About this task: Look through the records below for the line with "subdiag_pairing e W (iter" and the line with "superdiag_pairing s (iter", then return those lines and all lines between, exactly.

##### Records for this task #####

(* [X^c] is hit by [ad_x^(2c)] from a diagonal matrix whose entries are the
   values of the degree-[2c] polynomial with roots [0..c-1] and
   [n+1..n+c], normalised so that its [2c]-th difference is [1]. *)
Lemma Xmxn_in_iter_adx_image c : [pchar k] =i pred0 -> (c <= n)%N ->
  exists A : 'M[k]_n.+1, iter (2 * c) (@adx k n) A = Xmx k n ^+ c.
Proof.
move=> chark0 le_cn.
pose P : {poly k} := ((2 * c)`!%:R)^-1 *:
  (progression_poly 0 1 c * progression_poly n.+1%:R 1 c).
have fact_neq0 : (2 * c)`!%:R != 0 :> k.
  by move/pcharf0P: chark0 => ->; rewrite -lt0n fact_gt0.
have diffP : iter (2 * c) (fdiff 1) P = 1.
  rewrite iter_fdiffZ iter_fdiff1_monic ?rpredM ?monic_progression_poly
    ?size_progression_polyM //.
  by rewrite exprM sqrrN !expr1n mul1r -mul_polyC -polyCM mulVf.
have iterP_root x i t : x = 0 \/ x = n.+1%:R -> (i + t < c)%N ->
    (iter t (fdiff 1) P).[x + i%:R * 1] = 0.
  move=> hx; apply: iter_fdiff_root => j lt_jc.
  by rewrite hornerZ hornerM; case: hx => ->;
    rewrite progression_poly_root ?mul0r ?mulr0.
exists (polydiag_mx c 0 P).
rewrite iter_adx_polydiag ?diffP ?polydiag_Xmxn // => t _ lt_tc; split.
  have := iterP_root 0 (c - t.+1)%N t (or_introl erefl).
  by rewrite add0r mulr1; apply; lia.
have := iterP_root _ 0%N t (or_intror erefl).
by rewrite mul0r addr0; apply; lia.
Qed.

End PolyDiagonal.

Section DiagonalPairing.
Variables (k : fieldType) (n : nat).
Implicit Types (W : {poly k}) (M : 'M[k]_n.+1) (e : nat).

(* [adx] is adjoint to the backward difference [fdiff (-1)] for these
   pairings, up to boundary terms. *)
Definition subdiag_pairing e W M : k :=
  \sum_(j < n.+1) W.[(j : nat)%:R] * ent M (j + e) j.

Definition superdiag_pairing e W M : k :=
  \sum_(j < n.+1) W.[(j + e)%:R] * ent M j (j + e).

Lemma subdiag_pairing0 W M : subdiag_pairing 0 W M = superdiag_pairing 0 W M.
Proof. by apply: eq_bigr => j _; rewrite !addn0. Qed.

Lemma subdiag_pairing_adx e W M : W.[-1] = 0 -> W.[(n - e)%:R] = 0 ->
  subdiag_pairing e.+1 W (adx M) = subdiag_pairing e (fdiff (-1) W) M.
Proof.
move=> W_m1 W_ne.
have step (j : 'I_n.+1) : W.[(j : nat)%:R] * ent (adx M) (j + e.+1) j =
    W.[(j : nat)%:R] * ent M (j + e) j -
    W.[(j : nat)%:R] * ent M (j + e).+1 j.+1.
  rewrite addnS ent_adx ltn_ord andbT -mulrBr; case: ifP => // hje.
  rewrite (ent_out M (i := (j + e).+1)) ?hje // subr0.
  have [hje2|hje2] := leqP (j + e) n.
    have -> : (j : nat) = (n - e)%N by move: hje; rewrite ltnS => /negbT; lia.
    by rewrite W_ne !mul0r.
  by rewrite ent_out ?mulr0 // negb_and -leqNgt hje2.
pose F j := W.[j%:R - 1] * ent M (j + e) j.
have shiftF (j : 'I_n.+1) :
    W.[(j : nat)%:R] * ent M (j + e).+1 j.+1 = F (j : nat).+1.
  by rewrite /F -natr1 addrK.
rewrite /subdiag_pairing (eq_bigr _ (fun j _ => step j)) sumrB.
rewrite (eq_bigr _ (fun j _ => shiftF j)).
have -> : \sum_(j < n.+1) F j.+1 = \sum_(j < n.+1) F j.
  have F0 : F 0%N = 0 by rewrite /F sub0r W_m1 mul0r.
  have Fn : F n.+1 = 0.
    by rewrite /F (ent_out M (i := (n.+1 + e)%N)) ?mulr0 // negb_and ltnn orbT.
  have recl : \sum_(i < n.+2) F i = F 0%N + \sum_(i < n.+1) F i.+1.
    by rewrite big_ord_recl.
  have recr : \sum_(i < n.+2) F i = \sum_(i < n.+1) F i + F n.+1.
    by rewrite big_ord_recr.
  by move: recl; rewrite recr F0 Fn add0r addr0.
by rewrite -sumrB; apply: eq_bigr => j _; rewrite /F horner_fdiff mulrBl.
Qed.

Lemma superdiag_pairing_adx e W M :
  superdiag_pairing e W (adx M) = superdiag_pairing e.+1 (fdiff (-1) W) M.
Proof.
pose G i :=
  if i is i'.+1 then W.[(i' + e.+1)%:R] * ent M i' (i' + e.+1) else 0.
have step (i : 'I_n.+1) : W.[((i : nat) + e)%:R] * ent (adx M) i (i + e) =
    G i - W.[((i : nat) + e)%:R] * ent M i (i + e.+1).
  rewrite ent_adx ltn_ord /= addnS; case: ifP => hie.
    rewrite mulrBr; congr (_ - _); rewrite /G.
    by case: (nat_of_ord i) => [|i']; rewrite ?mulr0 // addSnnS.
  rewrite mulr0 (ent_out M (i := i)) ?mulr0; last first.
    rewrite negb_and; apply/orP; right.
    by move/negbT: hie; rewrite -!leqNgt; lia.
  rewrite subr0 /G; case: (nat_of_ord i) hie => [|i'] hie //.
  by rewrite ent_out ?mulr0 // negb_and -addSnnS hie orbT.
rewrite /superdiag_pairing (eq_bigr _ (fun i _ => step i)) sumrB.
have -> : \sum_(i < n.+1) G i = \sum_(i < n.+1) G i.+1.
  have Gn : G n.+1 = 0.
    rewrite /G ent_out ?mulr0 // negb_and.
    by apply/orP; right; rewrite -leqNgt; lia.
  have recl : \sum_(i < n.+2) G i = G 0%N + \sum_(i < n.+1) G i.+1.
    by rewrite big_ord_recl.
  have recr : \sum_(i < n.+2) G i = \sum_(i < n.+1) G i + G n.+1.
    by rewrite big_ord_recr.
  by move: recl; rewrite recr Gn add0r addr0.
rewrite -sumrB; apply: eq_bigr => i _.
by rewrite /G horner_fdiff addnS -natr1 addrK mulrBl.
Qed.

Lemma subdiag_pairing_iter_adx e s W M : (s <= e)%N ->
  (forall t, (t < s)%N -> (iter t (fdiff (-1)) W).[-1] = 0 /\
     (iter t (fdiff (-1)) W).[(n - (e - t.+1))%:R] = 0) ->
  subdiag_pairing e W (iter s (@adx k n) M) =
  subdiag_pairing (e - s) (iter s (fdiff (-1)) W) M.
Proof.
elim: s M => [|s IH] M le_se hW; first by rewrite subn0.
rewrite iterSr IH; [|exact: ltnW | by move=> t lt_ts; apply: hW; lia].
have [W_m1 W_n] := hW s (ltnSn s).
have -> : (e - s = (e - s.+1).+1)%N by lia.
by rewrite subdiag_pairing_adx.
Qed.

Lemma superdiag_pairing_iter_adx s W M :
  superdiag_pairing 0 W (iter s (@adx k n) M) =
  superdiag_pairing s (iter s (fdiff (-1)) W) M.
Proof. by elim: s M => // s IH M; rewrite iterSr IH superdiag_pairing_adx. Qed.

(* If [ad_x^p A = X^v] with [p > 2v], pair both sides with the degree-[2v]
   polynomial [W] vanishing at [-1..-v] and [n-v+1..n]: on the left all
   boundary terms vanish and [W] is differenced [p] times, giving [0]; on the
   right the pairing is [sum_(j <= n-v) W(j)], a sum of nonzero integers of the
   same sign. *)
Lemma iter_adx_eq_Xmxn_leq p v (A : 'M[k]_n.+1) : [pchar k] =i pred0 ->
  (v <= n)%N -> iter p (@adx k n) A = Xmx k n ^+ v -> (p <= 2 * v)%N.
Proof.
move=> chark0 le_vn hA; rewrite leqNgt; apply/negP => lt_2vp.
pose W : {poly k} :=
  progression_poly (-1) (-1) v * progression_poly n%:R (-1) v.
have iterW_root x i t : x = -1 \/ x = n%:R -> (i + t < v)%N ->
    (iter t (fdiff (-1)) W).[x + i%:R * -1] = 0.
  move=> hx; apply: iter_fdiff_root => j lt_jv.
  by rewrite hornerM; case: hx => ->;
    rewrite progression_poly_root ?mul0r ?mulr0.
have sizeW : size W = (2 * v).+1 by apply: size_progression_polyM.
have pairing_eq0 : subdiag_pairing v W (iter p (@adx k n) A) = 0.
  have -> : p = (v + (p - v))%N by lia.
  rewrite iterD subdiag_pairing_iter_adx // => [|t lt_tv].
    rewrite subnn subdiag_pairing0 superdiag_pairing_iter_adx -iterD.
    rewrite iter_fdiff_eq0 ?sizeW; last lia.
    by rewrite /superdiag_pairing big1 // => j _; rewrite horner0 mul0r.
  split.
    by have := iterW_root _ 0%N t (or_introl erefl); rewrite mul0r addr0; apply.
  have := iterW_root _ (v - t.+1)%N t (or_intror erefl).
  by rewrite mulrN1 -natrB; [apply; lia | lia].
pose N j := (\prod_(i < v) (j + i.+1) * \prod_(i < v) (n - i - j))%N.
have W_nat j : (j + v <= n)%N -> W.[j%:R] = (-1) ^+ v * (N j)%:R.
  move=> le_jvn; rewrite hornerM !horner_progression_poly natrM !natr_prod.
  have -> : \prod_(i < v) (j%:R - (n%:R + i%:R * -1)) =
             \prod_(i < v) - ((n - i - j)%N%:R : k).
    apply: eq_bigr => i _; have lt_iv := ltn_ord i.
    by rewrite !natrB; [ring | lia | lia].
  rewrite prodrN card_ord mulrCA; congr (_ * (_ * _)); apply: eq_bigr => i _.
  by rewrite natrD; ring.
have N_gt0 j : (j + v <= n)%N -> (0 < N j)%N.
  move=> le_jvn; rewrite muln_gt0.
  by apply/andP; split; apply: prodn_gt0 => i; have := ltn_ord i; lia.
have pairing_Xmxn : subdiag_pairing v W (Xmx k n ^+ v) =
    (-1) ^+ v * (\sum_(j < n.+1) if (j + v <= n)%N then N j else 0)%:R.
  rewrite /subdiag_pairing natr_sum mulr_sumr; apply: eq_bigr => j _.
  rewrite ent_Xmxn ltn_ord andbT eqxx ltnS.
  case: (boolP (j + v <= n)%N) => le_jvn; last by rewrite !mulr0.
  by rewrite W_nat // mulr1.
have : subdiag_pairing v W (Xmx k n ^+ v) != 0.
  rewrite pairing_Xmxn mulf_eq0 signr_eq0 /=; move/pcharf0P: chark0 => ->.
  by rewrite -lt0n big_ord_recl /= add0n le_vn ltn_addr ?N_gt0.
by rewrite -hA pairing_eq0 eqxx.
Qed.

End DiagonalPairing.

Section OrderFiltration.
Variables (k : fieldType) (n : nat).
Implicit Types (d E : 'M[k]_n.+1) (f : {poly k}).

Local Notation X := (Xmx k n).
Local Notation adx := (@adx k n).

Lemma commxC (a b d : 'M[k]_n.+1) : a *m b = b *m a ->
  commx a (commx b d) = commx b (commx a d).
Proof.
move=> hab; rewrite /commx !mulmxBr !mulmxBl !mulmxA hab -!mulmxA hab.
rewrite !opprB !addrA [_ - a *m _ + _]addrAC [_ - b *m _ + _]addrAC.
by rewrite [LHS]addrAC.
Qed.

Lemma mulopX : mulop n ('X : {poly k}) = X.
Proof. exact: horner_mx_X. Qed.

Lemma mulopXnM v f : mulop n ('X^v * f) = X ^+ v *m mulop n f.
Proof. by rewrite /mulop rmorphM rmorphXn /= horner_mx_X mulmxE. Qed.

Lemma adx_Xmxn v : adx (X ^+ v) = 0.
Proof. by rewrite /adx /commx !mulmxE -exprS -exprSr subrr. Qed.

Lemma adx_commx_mulop f d :
  adx (commx (mulop n f) d) = commx (mulop n f) (adx d).
Proof. exact/commxC/comm_mx_horner. Qed.

Lemma iter_adx_commx_mulop m f d :
  iter m adx (commx (mulop n f) d) = commx (mulop n f) (iter m adx d).
Proof. by elim: m => //= m ->; rewrite adx_commx_mulop. Qed.

Lemma commx_mulop_eq0 f E : adx E = 0 -> commx (mulop n f) E = 0.
Proof.
move=> /eqP; rewrite /adx /commx subr_eq0 => /eqP XE.
by rewrite (comm_horner_mx f XE) subrr.
Qed.

Lemma inDpP p d : inDp p d <-> iter p.+1 adx d = 0.
Proof.
split=> [Dd | ].
  rewrite -(Dd (nseq p.+1 'X)) ?size_nseq //.
  by elim: p.+1 => //= m ->; rewrite mulopX.
elim: p d => [|p IH] d hd fs.
  by case: fs => [|f [|]] //= _; apply: commx_mulop_eq0.
case/lastP: fs => [|fs f] //; rewrite size_rcons => -[hs].
rewrite foldr_rcons; apply: IH hs.
by rewrite iter_adx_commx_mulop commx_mulop_eq0 // -iterS.
Qed.

Lemma Xmxn_eq_mulmx_leq c v (G : 'M[k]_n.+1) :
  (c <= n)%N -> X ^+ c = X ^+ v *m G -> (v <= c)%N.
Proof.
move=> le_cn /(congr1 (fun M => ent M c 0)).
rewrite ent_Xmxn ent_Xmxn_mull ltnS le_cn /= add0n eqxx.
by case: leqP => // _ /eqP; rewrite oner_eq0.
Qed.

Lemma vp_spec_uphalf p v : [pchar k] =i pred0 -> (p <= 2 * n)%N ->
  vp_spec k n p v -> v = (p.+1 %/ 2)%N.
Proof.
move=> chark0 le_p2n [le_vn image_eq].
set c := (p.+1 %/ 2)%N.
have le_cn : (c <= n)%N by rewrite /c; lia.
apply/eqP; rewrite eqn_leq; apply/andP; split.
  have [A hA] := Xmxn_in_iter_adx_image chark0 le_cn.
  pose d := iter (2 * c - p) adx A.
  have ad_d : iter p adx d = X ^+ c by rewrite /d -iterD subnKC //; lia.
  have Dd : inDp p d by apply/inDpP; rewrite iterS ad_d adx_Xmxn.
  have [g hg] := (image_eq (X ^+ c)).1 (ex_intro _ d (conj Dd ad_d)).
  by apply: (Xmxn_eq_mulmx_leq le_cn); rewrite hg mulopXnM.
have [|d [_ ad_d]] := (image_eq (X ^+ v)).2.
  by exists 1; rewrite mulopXnM /mulop horner_mx_C mulmx1.
by have := iter_adx_eq_Xmxn_leq chark0 le_vn ad_d; rewrite /c; lia.
Qed.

#####

Task answer:
  subdiag_pairing e W (iter s (@adx k n) M) =
  subdiag_pairing (e - s) (iter s (fdiff (-1)) W) M.
Proof.
elim: s M => [|s IH] M le_se hW; first by rewrite subn0.
rewrite iterSr IH; [|exact: ltnW | by move=> t lt_ts; apply: hW; lia].
have [W_m1 W_n] := hW s (ltnSn s).
have -> : (e - s = (e - s.+1).+1)%N by lia.
by rewrite subdiag_pairing_adx.
Qed.

Lemma superdiag_pairing_iter_adx s W M :
  superdiag_pairing 0 W (iter s (@adx k n) M) =
  superdiag_pairing s (iter s (fdiff (-1)) W) M.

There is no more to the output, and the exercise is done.